# Bob the awesome, yet injured, pigeon



## shinysticker (Nov 30, 2010)

I was walking to the pharmacy when I came across a pigeon sitting in front of a liquor store, all puffed up and alone. Pigeons are not too common in my little town. The entire time I was in the pharmacy, my mind was on that pigeon. I decided that if he was there on the way back, I'd take him home. And, just as I suspected, there he was. I had gloves on, picked him up, and noticed that in between his wings a large portion of skin was taken off, leaving it raw and red. It didn't' seem fatal as long as I could take him home and help it heal. When I got home, all I had was a small animal cage, and I made him as comfortable as possible. Throughout that day, I noticed he didn't use one leg most of the time, and hobbled around. I've been feeding him wild bird seed, acquired a slightly bigger cage, and hes been eating, drinking, and going potty just fine. I've been cleaning his wound and its getting better. Tonight I'm buying a large cage off a friend of mine. (dont' worry, i know to disinfect!) I'm going to the pet store to buy him food specialized for doves and pigeons. I know he probably will never be able to go back in the wild, and even though I feel sad about that, I'm happy I have a new friend, and that hes doing so well! He lets me pick him up and everything. He has no band on him. 
ANd... I think thats all the info. Any help and info would be appreciated! Thanks!


----------



## TAWhatley (Mar 6, 2001)

Sounds like you have done an excellent job with this pigeon! Thank you so much for assisting the bird! We love pictures and would love to see a few of your new found friend if you are able to post some.

Welcome to Pigeon-Talk!

Terry


----------



## Jaye (Mar 13, 2008)

That's great that he\she is eating and drinking. Do make sure he is actually ingesting food regularly (if pooping, that's a good sign).

Also, good job on cleansing the wound. I would like to suggest that you get some antibiotics and administer them to your new friend. Do you happen to have any human or pet grade antibiotics (Amoxycillin, Penicillin, Ciproflaxin, Baytril, Ceclor, anything like that ?). If so, tell us what you have. Foy's pigeon supply is an East Coast online supplier...and I believe you can get some Amoxycillin from them, also. Call to order it and have them express mail it. It sounds like the pigeon was hit by a vehicle...oddly, they often display those kinds of injuries from being struck by a car.
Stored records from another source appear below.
(* Let $k \geq 2$ be an integer and let $G_1, \dots, G_k$ be finite simple Class 1 graphs with maximum degrees $\Delta(G_1), \dots, \Delta(G_k)$. Let $G = G_1 \square G_2 \square \cdots \square G_k$ and $D = \sum_{i=1}^k \Delta(G_i)$. Suppose $D$ is even and $2\Delta(G_i) < D$ for every $i \in \{1,\dots,k\}$. Suppose that some set $E_0 \subseteq E(G)$ of edges is precolored with colors from a set of at most $D$ colors, such that the distance between any two edges of $E_0$ is at least three. Then this precoloring is extendable, i.e. there is a proper edge coloring of $G$ with $\chi'(G)$ colors in which every edge of $E_0$ receives its prescribed color.
   Context: A graph $G$ is Class 1 if its chromatic index $\chi'(G)$ equals its maximum degree $\Delta(G)$. The Cartesian product $G_1 \square G_2$ has vertex set $V(G_1)\times V(G_2)$, with $(u_1,u_2)$ adjacent to $(v_1,v_2)$ iff either $u_1=v_1$ and $u_2v_2 \in E(G_2)$, or $u_2=v_2$ and $u_1v_1\in E(G_1)$; iterated products are defined accordingly. The distance $d(x,y)$ between vertices is the length of a shortest $x$–$y$ path, and the distance between edges $e=xy$ and $f=zw$ is $\min\{d(x,z),d(x,w),d(y,z),d(y,w)\}$. A precoloring of $E_0$ is extendable if there is a proper edge coloring of the whole graph with $\chi'$ of the graph colors whose restriction to $E_0$ is the prescribed coloring. *)

(* Finite simple graphs as symmetric irreflexive relations. *)
From mathcomp Require Import all_boot.
Set Implicit Arguments. Unset Strict Implicit. Unset Printing Implicit Defensive.

Section Graphs.
Variables (V : finType) (adj : rel V).

Definition edges : {set {set V}} :=
  [set e : {set V} | [exists x, exists y, adj x y && (e == [set x; y])]].

Definition Delta : nat := \max_(v : V) #|[set u | adj v u]|.

Definition proper_coloring (n : nat) (c : {set V} -> nat) : bool :=
  [forall e in edges, c e < n] &&
  [forall e in edges, forall f in edges,
      ((e != f) && (e :&: f != set0)) ==> (c e != c f)].

Definition colorable (n : nat) : bool :=
  [exists c : {ffun {set V} -> 'I_n.+1}, proper_coloring n (fun e => c e)].

Lemma colorable_exists : exists n, colorable n.
Proof.
exists #|{set V}|; apply/existsP.
exists [ffun e => inord (enum_rank e)].
apply/andP; split.
  apply/forallP=> e; apply/implyP=> _; rewrite ffunE inordK //.
  by apply: (leq_trans (ltn_ord (enum_rank e))); rewrite cardE.
apply/forallP=> e; apply/implyP=> _; apply/forallP=> f; apply/implyP=> _.
apply/implyP=> /andP [nef _]; rewrite !ffunE.
have lt (x : {set V}) : (enum_rank x : nat) < #|{set V}|.+1.
  by apply: (leq_trans (ltn_ord (enum_rank x))); rewrite cardE.
rewrite inordK // inordK //.
apply: contra nef => /eqP H; apply/eqP.
by apply: enum_rank_inj; apply: val_inj.
Qed.

Definition chromatic_index : nat := ex_minn colorable_exists.

Definition class1 : Prop := chromatic_index = Delta.

(* d(x,y) >= m, where d is shortest-path distance (infinite if disconnected) *)
Definition dist_ge (x y : V) (m : nat) : Prop :=
  forall p : seq V, path adj x p -> last x p = y -> m <= size p.

Definition edge_dist_ge (e f : {set V}) (m : nat) : Prop :=
  forall x y, x \in e -> y \in f -> dist_ge x y m.

End Graphs.

Definition prod_vertex (k : nat) (V : 'I_k -> finType) : finType :=
  {dffun forall i : 'I_k, V i}.

Definition prod_adj (k : nat) (V : 'I_k -> finType) (adj : forall i, rel (V i))
  : rel (prod_vertex V) :=
  fun x y => [exists i, adj i (x i) (y i) && [forall j, (j != i) ==> (x j == y j)]].
Lemma embedding_on_of_induced (G : graph) (P Q : G -> Prop) :
  embeds (induced G P) (induced G Q) -> exists f : G -> G, embedding_on G P Q f.
Proof.
  intros [g [gi ga]].
  exists (fun x => match excluded_middle_informative (P x) with
                  | left p => proj1_sig (g (exist P x p))
                  | right _ => x
                  end).
  split; [|split].
  - intros x px. destruct excluded_middle_informative; [exact (proj2_sig _) | contradiction].
  - intros x y px py. do 2 destruct excluded_middle_informative; try contradiction.
    intro e. apply sig_ext, gi in e. exact (f_equal (@proj1_sig _ _) e).
  - intros x y px py. do 2 destruct excluded_middle_informative; try contradiction.
    exact (ga (exist P x _) (exist P y _)).
Qed.

Lemma component_embeddings (G : graph) (v : nat -> G) :
  (forall n m, n <= m -> embeds (component G (v n)) (component G (v m))) ->
  exists E : nat -> nat -> G -> G,
    forall n m, n <= m -> embedding_on G (conn G (v n)) (conn G (v m)) (E n m).
Proof.
  intros emb.
  apply (choice (fun n En => forall m, n <= m ->
                   embedding_on G (conn G (v n)) (conn G (v m)) (En m))); intro n.
  apply (choice (fun m f => n <= m -> embedding_on G (conn G (v n)) (conn G (v m)) f)); intro m.
  destruct (classic (n <= m)) as [nm | nm].
  - destruct (embedding_on_of_induced _ _ _ (emb n m nm)) as [f hf]. exists f; auto.
  - exists (fun x => x). contradiction.
Qed.

Section ComponentShift.

Variables (G : graph) (v : nat -> G) (E : nat -> nat -> G -> G).
Hypothesis v_sep : forall n m, n <> m -> ~ conn G (v n) (v m).
Hypothesis E_emb :
  forall n m, n <= m -> embedding_on G (conn G (v n)) (conn G (v m)) (E n m).

Lemma v_component_unique n m x : conn G (v n) x -> conn G (v m) x -> n = m.
Proof.
  intros hn hm. apply NNPP; intro nm.
  apply (v_sep n m nm). eapply rt_trans; [exact hn | apply conn_sym, hm].
Qed.

Lemma v_embedding (H : graph) (h : H -> nat) :
  (forall a b : H, ~ adj a b) -> (forall a b, h a = h b -> a = b) ->
  is_embedding (fun a => v (h a)).
Proof.
  intros no_edge h_inj. split.
  - intros a b e. apply h_inj, (v_component_unique _ _ (v (h b))); [rewrite e|]; apply rt_refl.
  - intros a b. split; [intro A; destruct (no_edge a b A) | intro A; exfalso].
    assert (e : h a = h b)
      by (apply (v_component_unique _ _ (v (h b))); [apply rt_step, A | apply rt_refl]).
    rewrite e in A. exact (adj_irrefl _ _ A).
Qed.

Definition comp_index (x : G) : option nat :=
  match excluded_middle_informative (exists n, conn G (v n) x) with
  | left h => Some (proj1_sig (constructive_indefinite_description _ h))
  | right _ => None
  end.

Lemma comp_index_Some x n : comp_index x = Some n <-> conn G (v n) x.
Proof.
  unfold comp_index. destruct excluded_middle_informative as [h | h].
  - destruct constructive_indefinite_description as [m hm]; simpl. split.
    + intro e; injection e as <-; exact hm.
    + intro hn; f_equal; exact (v_component_unique _ _ _ hm hn).
  - split; [discriminate | intro hn; destruct (h (ex_intro _ n hn))].
Qed.

Lemma comp_index_conn x y : conn G x y -> comp_index x = comp_index y.
Proof.
  intro xy. destruct (comp_index x) as [n|] eqn:ex, (comp_index y) as [m|] eqn:ey.
  - apply comp_index_Some in ex. rewrite <- ey. symmetry. apply comp_index_Some.
    eapply rt_trans; eauto.
  - rewrite <- ey. symmetry. apply comp_index_Some.
    eapply rt_trans; [apply comp_index_Some, ex | exact xy].
  - rewrite <- ex. apply comp_index_Some.
    eapply rt_trans; [apply comp_index_Some, ey | apply conn_sym, xy].
  - reflexivity.
Qed.

Variable s : nat -> nat.
Hypothesis s_ge : forall n, n <= s n.
Hypothesis s_inj : forall n m, s n = s m -> n = m.

Definition shift (x : G) : G :=
  match comp_index x with Some n => E n (s n) x | None => x end.

Lemma comp_index_shift x : comp_index (shift x) = option_map s (comp_index x).
Proof.
  unfold shift. destruct (comp_index x) as [n|] eqn:ex; simpl; [|exact ex].
  apply comp_index_Some, (E_emb n (s n) (s_ge n)), comp_index_Some, ex.
Qed.

Lemma conn_shift_range m x : conn G (v m) (shift x) -> exists n, m = s n.
Proof.
  intro hm. apply comp_index_Some in hm. rewrite comp_index_shift in hm.
  destruct (comp_index x) as [n|]; simpl in hm; [|discriminate].
  injection hm; eauto.
Qed.

Lemma shift_embedding : is_embedding shift.
Proof.
  apply is_embedding_of_components.
  1, 2: intros x y xy; unfold shift; rewrite <- (comp_index_conn x y xy);
    destruct (comp_index x) as [n|] eqn:ex; [|tauto];
    assert (hx : conn G (v n) x) by apply comp_index_Some, ex;
    apply (E_emb n (s n) (s_ge n)); [exact hx | eapply rt_trans; eauto].
  - intros x y C. assert (I := comp_index_conn _ _ C). rewrite !comp_index_shift in I.
    destruct (comp_index x) as [n|] eqn:ex, (comp_index y) as [m|] eqn:ey;
      simpl in I; try discriminate.
    + injection I as e. apply s_inj in e. subst m.
      eapply rt_trans; [apply conn_sym, comp_index_Some, ex | apply comp_index_Some, ey].
    + unfold shift in C. rewrite ex, ey in C. exact C.
Qed.

End ComponentShift.

Section ReplaceIsolated.

Variables (G : graph) (v : nat -> G) (E : nat -> nat -> G -> G).
Hypothesis v_sep : forall n m, n <> m -> ~ conn G (v n) (v m).
Hypothesis E_emb :
  forall n m, n <= m -> embedding_on G (conn G (v n)) (conn G (v m)) (E n m).

Lemma replace_isolated_embeds k : embeds (replace_isolated G k) G.
Proof.
  pose (s n := n + k).
  assert (s_ge : forall n, n <= s n) by (intro; unfold s; lia).
  assert (s_inj : forall n m, s n = s m -> n = m) by (unfold s; intros; lia).
  exists (sum_map (fun a : induced G (fun x => ~ isolated G x) => shift G v E s (proj1_sig a))
                 (fun t : edgeless {m | m < k} => v (proj1_sig t))).
  apply sum_map_embedding.
  - apply is_embedding_comp; [apply val_embedding |].
    exact (shift_embedding G v E v_sep E_emb s s_ge s_inj).
  - apply v_embedding; auto. intros a b e; apply sig_ext, e.
  - intros a [i lt_i_k] C.
    destruct (conn_shift_range G v E v_sep E_emb s s_ge _ _ (conn_sym _ _ _ C)) as [n e].
    unfold s in e. simpl in e. lia.
Qed.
I would do the antibiotic because it could be there's an infection beginning either from the open wound or possibly from a bone fracture or break in the leg or foot. Birds are very susceptible to infections, and cannot 'fight them off' the way mammals do. They typically need antibiotics started w/i 2-3 days of being injured like that.
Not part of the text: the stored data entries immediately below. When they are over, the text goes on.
Lemma word_weight_counts w : word_weight w = letter_sum w + link_sum w.
Proof.
elim: w => [|a [|b t] IH].
- rewrite /letter_sum /link_sum !big1 // => x _; rewrite ?muln0 //.
  by rewrite big1 // => y _; rewrite muln0.
- by rewrite letter_sum_cons link_sum1 /letter_sum big1 /= ?addn0 // => x _; rewrite muln0.
rewrite letter_sum_cons link_sum_cons2 /= -addnA.
by rewrite (IH : letter_weight b + tail_weight b t = _) -[RHS]addnA (addnCA (link_weight a b)).
Qed.

Lemma foldl_rees_mul_None s : foldl (rees_mul P) None s = None.
Proof. by elim: s. Qed.

Lemma foldl_rees_mul x lx : in_column lx x -> forall t i0 (g0 : 'I_m.+1) i g l,
  foldl (rees_mul P) (Some (i0, g0, lx)) (map phi t) = Some (i, g, l) <->
  [/\ path compatible x t, i = i0, val g = (val g0 + tail_weight x t) %% m.+1
    & in_column l (last x t)].
Proof.
move=> hx t; elim: t x lx hx => [|y t IH] x lx [jx [gx Ex]] i0 g0 i g l /=.
  rewrite addn0 modn_small ?ltn_ord //; split=> [[<- <- <-] | [_ -> /val_inj -> [j [gy]]]].
    by split=> //; exists jx, gx.
  by rewrite Ex => -[_ _ ->].
rewrite {1}/compatible /link_weight.
have -> : link x y = if phi y is Some (jy, _, _) then P lx jy else None by rewrite /link Ex.
case Ey: (phi y) => [[[jy gy] ly]|]; last by rewrite foldl_rees_mul_None; split=> // -[].
case: (P lx jy) => [p|] /=; last by rewrite foldl_rees_mul_None; split=> // -[].
rewrite (IH y ly) /letter_weight ?Ey //; last by exists jy, gy.
have -> : val (g0 + p + gy)%R = (val g0 + val p + val gy) %% m.+1 by rewrite /= modnDml.
by rewrite modnDml -!addnA.
Qed.

Lemma preimage_nonzeroP w i (g : 'I_m.+1) l :
  (conc (letter (in_row i)) (fun _ => True) w /\
   ~ factor (pairs (fun a b => ~~ compatible a b)) w /\
   conc (fun _ => True) (letter (in_column l)) w /\
   word_weight w %% m.+1 = g) <-> preimage_lang P phi (Some (i, g, l)) w.
Proof.
rewrite /preimage_lang; case: w => [|x t] /=.
  by split=> [[[u [v [Ew [[a Eu _] _]]]] _] | //]; move: Ew; rewrite Eu.
rewrite conc_letter_any conc_any_letter -path_factor.
case Ex: (phi x) => [[[jx gx] lx]|]; last first.
  by rewrite foldl_rees_mul_None; split=> [[[g' [l']]] | //]; rewrite Ex.
have hx : in_column lx x by exists jx, gx.
rewrite /letter_weight Ex; split=> [[[g' [l' Ex']] [pth [col wt]]] | [/(foldl_rees_mul hx)]].
  move: Ex'; rewrite Ex => -[<- _ _].
  by congr Some; apply/(foldl_rees_mul hx); split; rewrite ?wt.
move=> [pth -> wt col]; split; first by exists gx, lx.
by do 2!split=> //; rewrite wt modn_mod.
Qed.

Lemma sh1_residues_word_weight : sh1_residues m.+1 word_weight.
Proof.
have n_gt0 : 0 < m.+1 by [].
have letters : sh1_residues m.+1 letter_sum.
  apply: (sh1_residues_sum n_gt0) => x _; apply: (sh1_residuesM n_gt0).
  exact: sh1_residues_count_mem.
have links : sh1_residues m.+1 link_sum.
  apply: (sh1_residues_sum n_gt0) => x _; apply: (sh1_residues_sum n_gt0) => y _.
  apply: (sh1_residuesM n_gt0); exact: sh1_residues_count_factor.
move=> r; apply: gsh_ext (sh1_residuesD n_gt0 letters links r) => w.
by rewrite word_weight_counts.
Qed.

End ReesWords.

Theorem lemma3p2 (m : nat) (I L : Type) (hI : inhabited I) (hL : inhabited L)
  (P : L -> I -> option 'I_m.+1) (A : finType) (phi : A -> rees 'I_m.+1 I L)
  (i : I) (g : 'I_m.+1) (l : L) :
  gsh_le (preimage_lang P phi (Some (i, g, l))) 1.
Proof.
apply: gsh_ext => [w | ]; first exact: preimage_nonzeroP.
apply: gsh_inter; first exact: gsh_conc (gsh_letter _ 1) (gsh_const True 1).
apply: gsh_inter; first exact: gsh_compl (gsh_factor (gsh_pairs _ 1)).
apply: gsh_inter; first exact: gsh_conc (gsh_const True 1) (gsh_letter _ 1).
exact: sh1_residues_word_weight.
Qed.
Also, keep him/her in a VERY WARM environment...am talking a room with ambient temperature of 80 degrees...or put a heating pad set on 'low' under a single layer of towel as her cage liner; keeping the cage partially covered with a towel or blanket. Heat helps jump-start a bird's healing capacity.

Keep an eye for the red flags:

Closed or sleepy eyes.

Lethargy.

Fluffed up feathers most of the time.

Weakness/ not eating or drinking.

Thanks for saving him/her ! Do keep us posted !


----------



## shinysticker (Nov 30, 2010)

Here is Bob on day 1 of arriving at our place
(not a very happy camper)










I've been putting an antibiotic ointment on it every day. I naturally assume adding an oral antibiotic would be the right thing to do as well. I will look into that in the morning via local vet.


----------



## pdpbison (Mar 15, 2005)

Hi shinysticker, 



Post some good, close up, in focus, well lit images of his poops.


Also, of his back wound.


As for his Leg, can you give us more details? Does he put weight on it? Or hold it up?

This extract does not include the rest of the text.